Lemma sa_empty : S (fun _ => False).
Proof. apply (sa_ext (fun _ => ~ True)); [tauto | apply sa_compl, sa_full]. Qed.

Lemma sa_or A B : S A -> S B -> S (fun x => A x \/ B x).
Proof.
  intros HA HB.
  apply (sa_ext (fun x => exists n : nat, (if n then A else B) x)).
  - intros x; split; [intros [[|n] h]; auto | intros [h|h]; [exists O | exists 1%nat]; exact h].
  - apply sa_union; intros [|n]; auto.
Qed.

Lemma sa_and A B : S A -> S B -> S (fun x => A x /\ B x).
Proof.
  intros HA HB. apply (sa_ext (fun x => ~ (~ A x \/ ~ B x))); [intros; tauto |].
  apply sa_compl, sa_or; apply sa_compl; auto.
Qed.

Lemma sa_inter (A : nat -> T -> Prop) :
  (forall n, S (A n)) -> S (fun x => forall n, A n x).
Proof.
  intros HA. apply (sa_ext (fun x => ~ exists n, ~ A n x)).
  - intros x; split; [intros h n; apply NNPP; eauto | intros h [n hn]; auto].
  - apply sa_compl, sa_union; intros; apply sa_compl; auto.
Qed.

End SigmaAlgebra.

Lemma borel_sigma : is_sigma_algebra borel.
Proof.
  split; [| split].
  - intros S HS _; apply sa_full; auto.
  - intros A HA S HS Hi; apply sa_compl, HA; auto.
  - intros A HA S HS Hi; apply sa_union; auto; intros n; apply HA; auto.
Qed.

Lemma borel_gt c : borel (fun x => x > c).
Proof.
  apply (sa_ext borel (fun x => exists n, c < x < c + INR n + 1)).
  - intros x; split; [intros [n Hn]; lra |].
    intros Hx; destruct (INR_unbounded (x - c)) as [n Hn]; exists n; lra.
  - apply sa_union; [apply borel_sigma |]. intros n S _ Hi; apply Hi.
Qed.

Lemma borel_lt c : borel (fun x => x < c).
Proof.
  apply (sa_ext borel (fun x => exists n, c - INR n - 1 < x < c)).
  - intros x; split; [intros [n Hn]; lra |].
    intros Hx; destruct (INR_unbounded (c - x)) as [n Hn]; exists n; lra.
  - apply sa_union; [apply borel_sigma |]. intros n S _ Hi; apply Hi.
Qed.

Lemma borel_Ico a b : borel (fun x => a <= x < b).
Proof.
  apply (sa_ext borel (fun x => ~ x < a /\ x < b)); [intros; lra |].
  apply sa_and; [apply borel_sigma | apply sa_compl, borel_lt | apply borel_lt].
  apply borel_sigma.
Qed.

Section Probability.
Variable Ps : prob_space.

Let ev := event_sigma Ps.

(* The empty event has probability 0: otherwise the constant series would
   diverge. *)
Lemma Pr_empty : Pr Ps (fun _ => False) = 0.
Proof.
  set (p := Pr Ps (fun _ => False)).
  pose proof (Pr_sigma_additive Ps (fun _ _ => False)
    (fun _ => sa_empty _ ev) (fun _ _ _ _ f _ => f)) as H.
  cbv beta in H.
  replace (fun w : Omega Ps => exists _ : nat, False) with (fun _ : Omega Ps => False) in H
    by (apply pred_ext; firstorder).
  fold p in H.
  assert (Hp : 0 <= p) by apply Pr_nonneg, sa_empty, ev.
  destruct (Rle_lt_or_eq_dec _ _ Hp) as [Hlt | Heq]; [exfalso | auto].
  destruct (H p Hlt) as [N HN]. specialize (HN (S N) (Nat.le_succ_diag_r N)).
  assert (Hsum : forall n, sum_f_R0 (fun _ => p) n = (INR n + 1) * p).
  { induction n as [|n IH]; simpl sum_f_R0; [simpl; ring | rewrite IH, S_INR; ring]. }
  unfold Rdist in HN. rewrite Hsum, S_INR in HN. pose proof (pos_INR N).
  rewrite Rabs_right in HN; nra.
Qed.

Lemma Pr_add (A B : Omega Ps -> Prop) :
  event Ps A -> event Ps B -> (forall w, A w -> B w -> False) ->
  Pr Ps (fun w => A w \/ B w) = Pr Ps A + Pr Ps B.
Proof.
  intros HA HB Hd.
  set (C := fun n : nat => match n with O => A | 1%nat => B | _ => fun _ => False end).
  assert (HC : forall n, event Ps (C n)) by (intros [|[|n]]; simpl; auto; apply sa_empty, ev).
  assert (Hdisj : forall m n, m <> n -> forall w, C m w -> C n w -> False).
  { intros [|[|m]] [|[|n]] hmn w; simpl; try tauto; try lia; eauto. }
  pose proof (Pr_sigma_additive Ps C HC Hdisj) as H.
  replace (fun w => exists n, C n w) with (fun w => A w \/ B w) in H.
  2:{ apply pred_ext; intros w; split.
      - intros [h|h]; [exists O | exists 1%nat]; exact h.
      - intros [[|[|n]] h]; simpl in h; tauto. }
  apply (uniqueness_sum _ _ _ H).
  intros eps Heps. exists 1%nat. intros [|n] Hn; [lia |].
  replace (sum_f_R0 (fun n => Pr Ps (C n)) (S n)) with (Pr Ps A + Pr Ps B).
  - unfold Rdist; rewrite Rminus_diag, Rabs_R0; auto.
  - clear Hn. induction n as [|n IH]; [simpl; ring |].
    simpl sum_f_R0 in *. rewrite <- IH. simpl. rewrite Pr_empty; ring.
Qed.

Lemma Pr_mono (A B : Omega Ps -> Prop) :
  event Ps A -> event Ps B -> (forall w, A w -> B w) -> Pr Ps A <= Pr Ps B.
Proof.
  intros HA HB Hs.
  assert (HBA : event Ps (fun w => B w /\ ~ A w)) by (apply sa_and, sa_compl; auto).
  replace B with (fun w => A w \/ (B w /\ ~ A w)).
  2:{ apply pred_ext; intros w; split; [firstorder |]. intros h; destruct (classic (A w)); tauto. }
  rewrite Pr_add; auto; [| tauto]. pose proof (Pr_nonneg Ps _ HBA); lra.
Qed.

Lemma Pr_le1 A : event Ps A -> Pr Ps A <= 1.
Proof. intros HA. rewrite <- (Pr_full Ps). apply Pr_mono; auto. apply sa_full, ev. Qed.

Lemma Pr_increasing_union (E : nat -> Omega Ps -> Prop) :
  (forall n, event Ps (E n)) -> (forall n w, E n w -> E (S n) w) ->
  Un_cv (fun n => Pr Ps (E n)) (Pr Ps (fun w => exists n, E n w)).
Proof.
  intros HE Hinc.
  assert (Hmono : forall m k w, (m <= k)%nat -> E m w -> E k w)
    by (intros m k w hk; induction hk; auto).
  set (D := fun n => match n with O => E O | S m => fun w => E (S m) w /\ ~ E m w end).
  assert (HD : forall n, event Ps (D n)) by (intros [|n]; simpl; auto; apply sa_and, sa_compl; auto).
  assert (Hdisj : forall m n, m <> n -> forall w, D m w -> D n w -> False).
  { assert (Hlt : forall m n w, (m < n)%nat -> D m w -> D n w -> False).
    { intros m [|n] w hlt h1 h2; [lia |]. destruct h2 as [_ h2].
      apply h2, (Hmono m); [lia |]. destruct m; simpl in h1; tauto. }
    intros m n hmn w h1 h2. destruct (Nat.lt_total m n) as [h|[h|h]]; eauto. }
  assert (Hunion : (fun w => exists n, D n w) = (fun w => exists n, E n w)).
  { apply pred_ext; intros w; split.
    - intros [[|n] h]; simpl in h; [exists O | exists (S n)]; tauto.
    - intros [n h]. induction n as [|n IH]; [exists O; exact h |].
      destruct (classic (E n w)); auto. exists (S n); simpl; tauto. }
  assert (Hpartial : forall n, sum_f_R0 (fun k => Pr Ps (D k)) n = Pr Ps (E n)).
  { induction n as [|n IH]; [reflexivity |]. simpl sum_f_R0. rewrite IH, <- Pr_add; auto.
    - f_equal. apply pred_ext; intros w; split.
      + intros [h|[h _]]; auto.
      + intros h; destruct (classic (E n w)); tauto.
    - apply (HD (S n)).
    - simpl; tauto. }
  pose proof (Pr_sigma_additive Ps D HD Hdisj) as H. rewrite Hunion in H.
  intros eps Heps. destruct (H eps Heps) as [N HN]. exists N. intros n hn.
  rewrite <- Hpartial. auto.
Qed.

End Probability.

Lemma Un_cv_const c : Un_cv (fun _ => c) c.
Proof. intros eps Heps; exists O; intros; unfold Rdist; rewrite Rminus_diag, Rabs_R0; auto. Qed.

Lemma infinite_sum_le (a b d : nat -> R) A B D c :
  infinite_sum a A -> infinite_sum b B -> infinite_sum d D ->
  (forall j, a j <= c * b j + d j) -> A <= c * B + D.
Proof.
  intros Ha Hb Hd Hj.
  apply (Rle_cv_lim (Un := sum_f_R0 a) (Vn := fun n => c * sum_f_R0 b n + sum_f_R0 d n)); auto.
  - induction n as [|n IH]; simpl; [auto | specialize (Hj (S n)); lra].
  - apply CV_plus; auto. apply CV_mult; auto. apply Un_cv_const.
Qed.

Lemma nat_floor t d : 0 <= t -> 0 < d -> exists j : nat, INR j * d <= t < INR j * d + d.
Proof.
  intros Ht Hd. set (r := t / d).
  assert (Hr : 0 <= r) by (unfold r; apply Rmult_le_pos; [lra | apply Rlt_le, Rinv_0_lt_compat; lra]).
  destruct (base_Int_part r) as [h1 h2].
  assert (Hk : (0 <= Int_part r)%Z).
  { assert (-1 < Int_part r)%Z by (apply lt_IZR; lra). lia. }
  exists (Z.to_nat (Int_part r)). rewrite INR_IZR_INZ, Z2Nat.id by exact Hk.
  assert (t = r * d) by (unfold r; field; lra). split; nra.
Qed.

Definition eventually_large (P : R -> Prop) : Prop := exists M, forall u, u >= M -> P u.

Lemma eventually_and (P Q : R -> Prop) :
  eventually_large P -> eventually_large Q -> eventually_large (fun u => P u /\ Q u).
Proof.
  intros [M HM] [N HN]. exists (Rmax M N). intros u hu.
  pose proof (Rmax_l M N); pose proof (Rmax_r M N). split; [apply HM | apply HN]; lra.
Qed.

Lemma eventually_impl (P Q : R -> Prop) :
  eventually_large P -> (forall u, P u -> Q u) -> eventually_large Q.
Proof. intros [M HM] H. exists M; auto. Qed.

Lemma lt_div_iff a F G : 0 < G -> (a < F / G <-> a * G < F).
Proof.
  intros HG. replace F with (F / G * G) at 2 by (field; lra).
  split; intros h; [apply Rmult_lt_compat_r | apply (Rmult_lt_reg_r G)]; auto.
Qed.

Lemma div_lt_iff F G b : 0 < G -> (F / G < b <-> F < b * G).
Proof.
  intros HG. replace F with (F / G * G) at 2 by (field; lra).
  split; intros h; [apply Rmult_lt_compat_r | apply (Rmult_lt_reg_r G)]; auto.
Qed.

Lemma ratio_close (f g : R -> R) L :
  (forall u, u > 0 -> g u > 0) -> lim_infty (fun u => f u / g u) L ->
  forall e, e > 0 -> eventually_large (fun u => (L - e) * g u < f u < (L + e) * g u).
Proof.
  intros Hg Hlim e He. destruct (Hlim e He) as [M HM].
  exists (Rmax M 1). intros u hu. pose proof (Rmax_l M 1); pose proof (Rmax_r M 1).
  assert (Hgu : 0 < g u) by (apply Hg; lra).
  destruct (Rabs_def2 _ _ (HM u ltac:(lra))) as [h1 h2].
  rewrite <- lt_div_iff, <- div_lt_iff by exact Hgu. lra.
Qed.

Lemma lim_of_ratio_close (f g : R -> R) L :
  (forall e, e > 0 -> eventually_large (fun u => 0 < g u /\ (L - e) * g u < f u < (L + e) * g u)) ->
  lim_infty (fun u => f u / g u) L.
Proof.
  intros H e He. destruct (H e He) as [M HM]. exists M. intros u hu.
  destruct (HM u hu) as [Hgu [h1 h2]].
  rewrite <- lt_div_iff in h1 by exact Hgu. rewrite <- div_lt_iff in h2 by exact Hgu.
  apply Rabs_def1; lra.
Qed.

Definition mesh (n : nat) : R := / (INR n + 1).
Definition grid (n j : nat) : R := - INR n + INR j * mesh n.
Definition cell (n j : nat) (t : R) : Prop := grid n j <= t < grid n j + mesh n.
Lemma Sk_bound_small k x : x ^ 2 < 1 -> Rabs (Sk k x) <= / (1 - x ^ 2) * 3 ^ k.
Proof.
  intros Hx. rewrite Sk_small, hyp2F1_seriesE by exact Hx.
  pose proof (pos_INR k).
  assert (Hz : Rabs (- x ^ 2) = x ^ 2) by (rewrite Rabs_Ropp; apply Rabs_pos_eq, pow2_ge_0).
  destruct (Series_pow_abs_le (hyp_coef (INR k / 2) ((INR k + 1) / 2) (INR k + 1/2)) (3 ^ k)
              (- x ^ 2)) as [_ Hle].
  - intros n. rewrite Rabs_pos_eq by (apply hyp_coef_nonneg; lra). apply Sk_coef_le_pow3.
  - rewrite Hz. exact Hx.
  - rewrite Hz in Hle. unfold Rdiv in Hle. rewrite Rmult_comm. exact Hle.
Qed.

Lemma Sk_pos k x : x <> 0 -> 0 < Sk k x.
Proof.
  intros Hx0. pose proof (pow2_gt_0 x Hx0) as Hx2.
  destruct (Rlt_le_dec (x ^ 2) 1) as [Hx | Hx].
  - apply (three_term_rec_pos x (fun k => Sk k x) (/ (1 - x ^ 2))); [lra | apply Sk_rec | |].
    + rewrite Sk_small by exact Hx. replace (INR 0 / 2) with 0 by (simpl; field).
      rewrite hyp2F1_series_0_l; [lra | simpl; lra | simpl; lra |].
      rewrite Rabs_Ropp, Rabs_pos_eq; lra.
    + intros j. apply Sk_bound_small, Hx.
  - rewrite Sk_large by exact Hx.
    apply Rmult_lt_0_compat; [apply Rinv_0_lt_compat, pow_lt, sqrt_lt_R0; lra|].
    pose proof (pos_INR k). pose proof (sqr_div_1_plus_sqr_bounds x).
    eapply Rlt_le_trans; [|apply hyp2F1_series_ge_1]; lra.
Qed.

Exercise details
Write out word for word only the lines from the start of the entries down to the line with "- intros S HS _; apply sa_full; auto.", please, including both ends.

Exercise response
Lemma sa_empty : S (fun _ => False).
Proof. apply (sa_ext (fun _ => ~ True)); [tauto | apply sa_compl, sa_full]. Qed.

Lemma sa_or A B : S A -> S B -> S (fun x => A x \/ B x).
Proof.
  intros HA HB.
  apply (sa_ext (fun x => exists n : nat, (if n then A else B) x)).
  - intros x; split; [intros [[|n] h]; auto | intros [h|h]; [exists O | exists 1%nat]; exact h].
  - apply sa_union; intros [|n]; auto.
Qed.

Lemma sa_and A B : S A -> S B -> S (fun x => A x /\ B x).
Proof.
  intros HA HB. apply (sa_ext (fun x => ~ (~ A x \/ ~ B x))); [intros; tauto |].
  apply sa_compl, sa_or; apply sa_compl; auto.
Qed.

Lemma sa_inter (A : nat -> T -> Prop) :
  (forall n, S (A n)) -> S (fun x => forall n, A n x).
Proof.
  intros HA. apply (sa_ext (fun x => ~ exists n, ~ A n x)).
  - intros x; split; [intros h n; apply NNPP; eauto | intros h [n hn]; auto].
  - apply sa_compl, sa_union; intros; apply sa_compl; auto.
Qed.

End SigmaAlgebra.

Lemma borel_sigma : is_sigma_algebra borel.
Proof.
  split; [| split].
  - intros S HS _; apply sa_full; auto.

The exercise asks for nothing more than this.